In a further embodiment of the present invention, the polynucleotide encoding the bispecific antibody is shown in SEQ ID NO.2, and the polynucleotide encoding the light chain of the monoclonal antibody is shown in SEQ ID NO. 4. It is reasonable to expect by those skilled in the art that the coding sequence of the bispecific antibody can be appropriately optimized without changing the amino acid sequence to facilitate the expression and purification of the protein, and thus other coding sequences of the bispecific antibody can also implement the bispecific antibodies defined in the present invention.
Third, the present invention provides an expression vector containing the above polynucleotide. In a specific embodiment of the invention, the expression vector is pcDNA3.4. It is reasonable to expect by the skilled person that other eukaryotic or prokaryotic expression vectors of the prior art may also be used for the expression of the bispecific antibodies of the invention.
Fourth, the present invention provides a host cell containing the above expression vector. Expression of the bispecific antibody is performed using an Expi293 expression system in one particular embodiment of the invention.
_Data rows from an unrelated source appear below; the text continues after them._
(* Let $S$ be an inverse semigroup and $\mathcal M$ a quasi-generating set for $S$. Then $d_{\mathcal M\cup E(S)}=d_{\mathcal M}$, and for all $s,t\in S$, $$d_{\mathcal M}(s,t)=\begin{cases}\min\{k\ge 0\mid \exists\, m_1,\dots,m_k\in\mathcal M \text{ with } s=m_1\cdots m_k t\} & \text{if }(s,t)\in\mathcal L,\\ \infty & \text{if }(s,t)\notin\mathcal L\end{cases}$$ (with $k=0$ meaning $s=t$).
   Context: An inverse semigroup is a semigroup $S$ in which every $s$ has a unique $s^{-1}\in S$ with $ss^{-1}s=s$ and $s^{-1}ss^{-1}=s^{-1}$. $E(S)$ is the set of idempotents. Green's relation $\mathcal L$: $(s,t)\in\mathcal L$ iff $s^{-1}s=t^{-1}t$. A quasi-generating set is a subset $\mathcal G\subseteq S$ with $\mathcal G=\mathcal G^{-1}$ such that $S$ is generated as a semigroup by $\mathcal G\cup E(S)$. For a quasi-generating set $\mathcal G$, the Cayley metric $d_{\mathcal G}$ on $S$ is defined by $d_{\mathcal G}(s,t)=\infty$ if $(s,t)\notin\mathcal L$, and otherwise as the path distance from $s$ to $t$ in the graph whose vertices are the elements of the $\mathcal L$-class of $s$, with $u,v$ joined by an edge of length 1 whenever $gu=v$ for some $g\in\mathcal G$. *)

From Stdlib Require Import List Classical ClassicalEpsilon.
Import ListNotations.
Set Implicit Arguments.

Section InvSemigroup.
Variables (T : Type) (mul : T -> T -> T) (inv : T -> T).

Definition is_inverse_semigroup : Prop :=
  (forall a b c, mul a (mul b c) = mul (mul a b) c) /\
  (forall s, mul (mul s (inv s)) s = s /\ mul (mul (inv s) s) (inv s) = inv s) /\
  (forall s x, mul (mul s x) s = s -> mul (mul x s) x = x -> x = inv s).

Definition idempotents (e : T) : Prop := mul e e = e.

Definition Lrel (s t : T) : Prop := mul (inv s) s = mul (inv t) t.

Inductive generated (A : T -> Prop) : T -> Prop :=
| gen_base : forall a, A a -> generated A a
| gen_mul : forall a b, generated A a -> generated A b -> generated A (mul a b).

Definition setU (A B : T -> Prop) (x : T) : Prop := A x \/ B x.

Definition quasi_generating (G : T -> Prop) : Prop :=
  (forall x, G x <-> G (inv x)) /\
  (forall s, generated (setU G idempotents) s).

Definition cayley_adj (G : T -> Prop) (u v : T) : Prop :=
  Lrel u v /\ exists g, G g /\ (mul g u = v \/ mul g v = u).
It is reasonable to expect by the skilled person that other engineering cells of the prior art, such as CHO cells etc. can also be used for the expression of the bispecific antibodies of the invention.
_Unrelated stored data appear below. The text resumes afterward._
Lemma card_vote_classes (T : finType) (v : T -> option2) x :
  #|[set i | v i == x]| + #|[set i | v i == other x]| = #|T|.
Proof.
rewrite -(cardsC [set i | v i == x]); congr (_ + _); apply: eq_card => i.
by rewrite !inE; case: (v i); case: x.
Qed.

Lemma subset_of_card (T : finType) (A : {set T}) k :
  k <= #|A| -> exists2 B : {set T}, B \subset A & #|B| = k.
Proof.
elim: k => [|k IH] hk; first by exists set0; rewrite ?sub0set ?cards0.
have [B sBA cardB] := IH (ltnW hk).
have /properP[_ [a aA aB]] : B \proper A by rewrite properEcard sBA cardB.
by exists (a |: B); rewrite ?subUset ?sub1set ?aA ?sBA // cardsU1 aB cardB.
Qed.

Lemma card_pairs (I J : finType) (A : {set I * J}) :
  #|A| = \sum_(i : I) \sum_(j : J) ((i, j) \in A).
Proof. by rewrite -sum1_card big_mkcond /= pair_bigA; apply: eq_bigr => -[]. Qed.

Section Mechanism.
Variable p : nat.
Local Notation agent := (agent p).
Local Notation mprofile := (mprofile p).

Lemma card_agent : #|agent| = p.*2.+1. Proof. by rewrite card_ord. Qed.

Lemma majority_meet (A B : {set agent}) : p < #|A| -> p < #|B| -> A :&: B != set0.
Proof.
rewrite -card_gt0; have := cardsUI A B; have := max_card (A :|: B).
rewrite card_agent; lia.
Qed.

Lemma card_Maj (R : profile p) : p < #|[set i | R i == Maj R]|.
Proof.
rewrite /Maj; case: ifP => // /negbT.
have := card_vote_classes R opt_a; rewrite card_agent /=; lia.
Qed.

Lemma valid_mprofile_at (m : mprofile) i :
  valid_mprofile m -> #|(m i).2| = p /\ i \notin (m i).2.
Proof. by move/forallP/(_ i)/andP => [/eqP -> ->]. Qed.

Lemma bloc_card (m : mprofile) x B : is_bloc m x B -> p < #|B|.
Proof. by case/andP. Qed.

Lemma bloc_closed (m : mprofile) x B :
  is_bloc m x B -> {in B, forall i, ((m i).1 == x) && ((m i).2 \subset B)}.
Proof. by move=> /andP[_ /forallP hB] i; apply/implyP/hB. Qed.

Lemma closed_is_bloc (m : mprofile) x (C : {set agent}) :
  valid_mprofile m -> C != set0 ->
  {in C, forall i, ((m i).1 == x) && ((m i).2 \subset C)} -> is_bloc m x C.
Proof.
move=> mv /set0Pn[i iC] hC; apply/andP; split; last first.
  by apply/forallP => j; apply/implyP/hC.
have [cardc ic] := valid_mprofile_at i mv.
have : (m i).2 \subset C :\ i.
  apply/subsetP => k kc; rewrite !inE (subsetP (andP (hC i iC)).2) // andbT.
  by apply: contraTneq kc => ->.
by move/subset_leq_card; rewrite cardc (cardsD1 i C) iC.
Qed.

Lemma bloc_vote_unique (m : mprofile) x y B1 B2 :
  is_bloc m x B1 -> is_bloc m y B2 -> x = y.
Proof.
move=> h1 h2; have /set0Pn[i] := majority_meet (bloc_card h1) (bloc_card h2).
rewrite inE => /andP[i1 i2].
by have /andP[/eqP <- _] := bloc_closed h1 i1; have /andP[/eqP <- _] := bloc_closed h2 i2.
Qed.

Lemma has_bloc_unique (m : mprofile) x y : has_bloc m x -> has_bloc m y -> x = y.
Proof. by move=> /existsP[B1 h1] /existsP[B2 h2]; apply: bloc_vote_unique h1 h2. Qed.

Lemma blocI (m : mprofile) x B1 B2 : valid_mprofile m ->
  is_bloc m x B1 -> is_bloc m x B2 -> is_bloc m x (B1 :&: B2).
Proof.
move=> mv h1 h2; apply: (closed_is_bloc mv) => [|i].
  exact: majority_meet (bloc_card h1) (bloc_card h2).
rewrite inE => /andP[i1 i2].
have /andP[-> s1] := bloc_closed h1 i1; have /andP[_ s2] := bloc_closed h2 i2.
by rewrite subsetI s1 s2.
Qed.

Lemma least_bloc (m : mprofile) x : valid_mprofile m -> has_bloc m x ->
  exists2 M, is_bloc m x M & forall B, is_bloc m x B -> M \subset B.
Proof.
move=> mv /existsP[B0 hB0].
case: (arg_minnP (fun B : {set agent} => #|B|) hB0) => M hM Mmin.
exists M => // B hB; apply/setIidPl/eqP.
by rewrite eqEcard subsetIl Mmin // blocI.
Qed.

Lemma chi_BF_bloc (m : mprofile) x : has_bloc m x -> chi_BF m = degenerate x.
Proof.
rewrite /chi_BF; case: x => [-> //|hb].
by case: ifP => [/has_bloc_unique/(_ hb) //|_]; rewrite hb.
Qed.

Lemma chi_BF_no_bloc_other (m : mprofile) y : ~~ has_bloc m (other y) ->
  chi_BF m y = if has_bloc m y then 1%R else eta_lot m y.
Proof. by rewrite /chi_BF; case: y => /= /negbTE ->; case: has_bloc. Qed.

Definition nominations (m : mprofile) x : {set agent * agent} :=
  [set jk | [&& jk.1 != jk.2, jk.2 \in (m jk.1).2 & (m jk.2).1 == x]].

Lemma np_gt0 : 0 < p -> 0 < nagents p * p.
Proof. by rewrite muln_gt0. Qed.

Lemma eta_lotE (m : mprofile) x :
  eta_lot m x = (#|nominations m x|%:R / (nagents p * p)%:R)%R.
Proof.
rewrite card_pairs exchange_big natr_sum mulr_suml; apply: eq_bigr => k _.
rewrite /eta_i mulrAC -natrM -sum1_card big_mkcond big_distrl /=.
congr (_%:R / _)%R; apply: eq_bigr => j _.
by rewrite !inE; case: (_ != _); case: (_ \in _); case: (_ == _).
Qed.

Lemma card_nominations_le (m : mprofile) x : valid_mprofile m ->
  #|nominations m x| + #|nominations m (other x)| <= nagents p * p.
Proof.
move=> mv; rewrite !card_pairs -big_split /=.
have -> : nagents p * p = \sum_(j : agent) p by rewrite sum_nat_const card_ord.
apply: leq_sum => j _.
have [cardc _] := valid_mprofile_at j mv.
rewrite -{}[X in _ <= X]cardc -big_split -sum1_card [X in _ <= X]big_mkcond /=.
apply: leq_sum => k _.
by rewrite !inE; case: (_ != _); case: (_ \in _); case: (m k).1; case: x.
Qed.

Section Lotteries.
Hypothesis p_gt0 : 0 < p.
Variable m : mprofile.

Lemma eta_lot_lt1 x : valid_mprofile m ->
  nominations m (other x) != set0 -> (eta_lot m x < 1)%R.
Proof.
move=> mv; rewrite -card_gt0 eta_lotE ltr_pdivrMr ?ltr0n ?np_gt0 // mul1r ltr_nat.
by have := card_nominations_le x mv; lia.
Qed.

Lemma chi_BF_le1 x : valid_mprofile m -> (chi_BF m x <= 1)%R.
Proof.
move=> mv; rewrite /chi_BF /degenerate.
case: ifP => _; first by case: (_ == _); rewrite ?ler01.
case: ifP => _; first by case: (_ == _); rewrite ?ler01.
rewrite eta_lotE ler_pdivrMr ?ltr0n ?np_gt0 // mul1r ler_nat.
by have := card_nominations_le x mv; lia.
Qed.

Lemma eta_lot_gt0 x : nominations m x != set0 -> (0 < eta_lot m x)%R.
Proof. by rewrite -card_gt0 eta_lotE => ?; rewrite divr_gt0 ?ltr0n ?np_gt0. Qed.

Lemma eta_lot_lt (m' : mprofile) x :
  nominations m x \proper nominations m' x -> (eta_lot m x < eta_lot m' x)%R.
Proof.
by move/proper_card; rewrite !eta_lotE ltr_pM2r ?invr_gt0 ?ltr0n ?np_gt0 // ltr_nat.
Qed.

End Lotteries.

Lemma deviate_self (m : mprofile) i mi : deviate m i mi i = mi.
Proof. by rewrite /deviate eqxx. Qed.

Lemma deviate_other (m : mprofile) i mi j : j != i -> deviate m i mi j = m j.
Proof. by rewrite /deviate => /negbTE ->. Qed.

Lemma valid_deviate (m : mprofile) i mi :
  valid_mprofile m -> valid_message i mi -> valid_mprofile (deviate m i mi).
Proof.
move=> /forallP mv hmi; apply/forallP => j; rewrite /deviate.
by case: eqVneq => [->|].
Qed.

Lemma bloc_deviate (m : mprofile) i mi y (B : {set agent}) :
  i \notin B -> is_bloc (deviate m i mi) y B = is_bloc m y B.
Proof.
move=> iB; congr (_ && _); apply: eq_forallb => j.
case: (boolP (j \in B)) => //= jB.
by rewrite deviate_other //; apply: contraNneq iB => <-.
Qed.

Lemma bloc_deviate_notin (m : mprofile) i mi y (B : {set agent}) :
  mi.1 != y -> is_bloc (deviate m i mi) y B -> i \notin B.
Proof.
move=> miy hB; apply/negP => /(bloc_closed hB)/andP[].
by rewrite deviate_self (negbTE miy).
Qed.

Lemma has_bloc_deviate (m : mprofile) i mi y :
  mi.1 != y -> has_bloc (deviate m i mi) y -> has_bloc m y.
Proof.
move=> miy /existsP[B hB]; apply/existsP; exists B.
by rewrite -(bloc_deviate m mi y (bloc_deviate_notin miy hB)).
Qed.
Finally, the invention provides the application of the bispecific antibody in preparing novel coronavirus therapeutic drugs.
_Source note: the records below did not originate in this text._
Lemma evalL_join c x :
  evalL (join P Q) c x = evalL P (lowcoef c) (lblk x) + x tidx * evalL Q (highcoef c) (rblk x).
Proof.
rewrite /evalL (eq_bigl (fun e => join_lowpt T_gt1 P e || join_highpt T_gt1 Q e));
  last exact: latpt_join.
rewrite (bigID (join_lowpt T_gt1 P)) /=.
congr (_ + _).
- rewrite (eq_bigl (join_lowpt T_gt1 P)) => [|e]; last by apply: andb_idl => ->.
  rewrite (reindex_onto lowexp lblk) => [|e /and3P [/eqP t /eqP r _]];
    last by rewrite /lowexp -t -r glueK.
  apply: eq_big => [p|p _].
    by rewrite /join_lowpt /lowexp glue_tidx lblk_glue rblk_glue !eqxx andbT.
  by rewrite ffunE monom_join /lowexp lblk_glue rblk_glue glue_tidx monom_ezero !mulr1.
- rewrite (eq_bigl (join_highpt T_gt1 Q)) => [|e]; last first.
    rewrite /join_lowpt /join_highpt; have [->|t1] := eqVneq (e tidx) o1.
      by rewrite (_ : o1 == o0 = false) ?andbT.
    by rewrite /= orbF andbN.
  rewrite mulr_sumr (reindex_onto highexp rblk) => [|e /and3P [/eqP t /eqP l _]];
    last by rewrite /highexp -t -l glueK.
  apply: eq_big => [p|p _].
    by rewrite /join_highpt /highexp glue_tidx lblk_glue rblk_glue !eqxx andbT.
  rewrite ffunE monom_join /highexp lblk_glue rblk_glue glue_tidx monom_ezero.
  by rewrite mul1r (_ : (o1 : nat) = 1%N) // expr1 mulrA mulrC.
Qed.

Lemma nonzeroL_join c :
  nonzeroL (join P Q) c = nonzeroL P (lowcoef c) || nonzeroL Q (highcoef c).
Proof.
apply/existsP/orP => [[e /andP []]|].
  rewrite (latpt_join T_gt1 cP cQ) => /orP [] /and3P [/eqP t /eqP b lat] ce.
  + by left; apply/existsP; exists (lblk e); rewrite lat ffunE /lowexp -t -b glueK.
  + by right; apply/existsP; exists (rblk e); rewrite lat ffunE /highexp -t -b glueK.
case=> /existsP [p /andP [lat]]; rewrite ffunE => cp.
+ exists (lowexp p); rewrite cp andbT (latpt_join T_gt1 cP cQ); apply/orP; left.
  by rewrite /join_lowpt /lowexp glue_tidx lblk_glue rblk_glue !eqxx.
+ exists (highexp p); rewrite cp andbT (latpt_join T_gt1 cP cQ); apply/orP; right.
  by rewrite /join_highpt /highexp glue_tidx lblk_glue rblk_glue !eqxx.
Qed.

End JoinCode.

Lemma card_sumb (I : finType) (A : {set I}) : #|A| = (\sum_x (x \in A : nat))%N.
Proof. by rewrite -sum1_card big_mkcond /=; apply: eq_bigr => x _; case: ifP. Qed.

Section TorusCounting.
Variable F : finFieldType.
Local Notation T := (qm1 F).

Definition torus k := [set x : {ffun 'I_k -> F} | [forall i, x i != 0]].

Lemma card_torus k : #|torus k| = (T ^ k)%N.
Proof.
have -> : #|torus k| = #|[set f : {ffun 'I_k -> F} | f \in ffun_on (predC1 (0 : F))]|.
  apply: eq_card => x; rewrite !inE.
  by apply/forallP/ffun_onP => H i; have := H i; rewrite ?inE.
by rewrite cardsE card_ffun_on cardC1 card_ord.
Qed.

Definition nzroots (u v : F) := #|[set z : F | (z != 0) && (u + z * v == 0)]|.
The cross-binding activity identification of the invention shows that the bispecific antibody 4D12-H-2G10 can cross-bind to the S-ECD proteins of BA.1, BA.2, BA.2.75, BA.2.76, BA.3, BA.4, BA.4.6, BF.7, XBB, XBB.1.5, and the bispecific antibody 4D12-H-2G10 has a broader binding activity compared to the parent monoclonal antibody.
IC of specific antibody 4D12-H-2G10 for neutralizing BA.1 pseudovirus 50 1 ng/mL, and neutralizing BA.2 pseudovirus IC 50 14 ng/mL, neutralizing BA.2.75 pseudovirus IC 50 IC for neutralizing BA.2.76 pseudovirus at 2 ng/mL 50 1 ng/mL, and neutralizing BA.3 pseudovirus IC 50 54 ng/mL, and neutralizing BA.4 pseudovirus IC 50 IC for neutralizing BA.4.6 pseudovirus at 5 ng/mL 50 11 ng/mL, neutralizing BF.7 pseudovirus IC 50 Is 5 ng/mL, and the IC for neutralizing XBB.1.5 pseudovirus 50 IC of 2 ng/mL for neutralizing XBB.1.16 pseudovirus 50 Is 2 ng/mL. The results show that compared with the parent monoclonal antibody, the bispecific antibody 4D12-H-2G10 has more broad-spectrum efficient neutralization activity on different sub-variants of Omicron pseudoviruses, so that the development of the Omicron pseudoviruses into a powerful antibody drug for resisting current and future epidemic new crown variant strains is possible.
Drawings
FIG. 1 is a schematic diagram of the structure of a bispecific antibody of the present invention;
FIG. 2 is a SDS-PAGE profile of bispecific antibody purification;
FIG. 3 ELISA assay for cross-binding activity of 4D12-H-2G 10;
FIG. 4 neutralizing activity of antibodies against BA.1 pseudoviruses;
FIG. 5 neutralizing activity of antibodies against BA.2 pseudoviruses;
FIG. 6 neutralizing activity of antibodies against BA.2.75 pseudoviruses;
FIG. 7 neutralizing activity of antibodies against BA.2.76 pseudoviruses;
FIG. 8 neutralizing activity of antibodies against BA.3 pseudoviruses;
FIG. 9 neutralizing activity of antibodies against BA.4 pseudoviruses;
FIG. 10 neutralizing activity of antibodies against BA.4.6 pseudoviruses;
FIG. 11 neutralizing activity of antibodies against BF.7 pseudoviruses;
FIG. 12 neutralizing activity of antibodies against XBB.1.5 pseudoviruses;
FIG. 13 neutralizing activity of antibodies against XBB.1.16 pseudoviruses.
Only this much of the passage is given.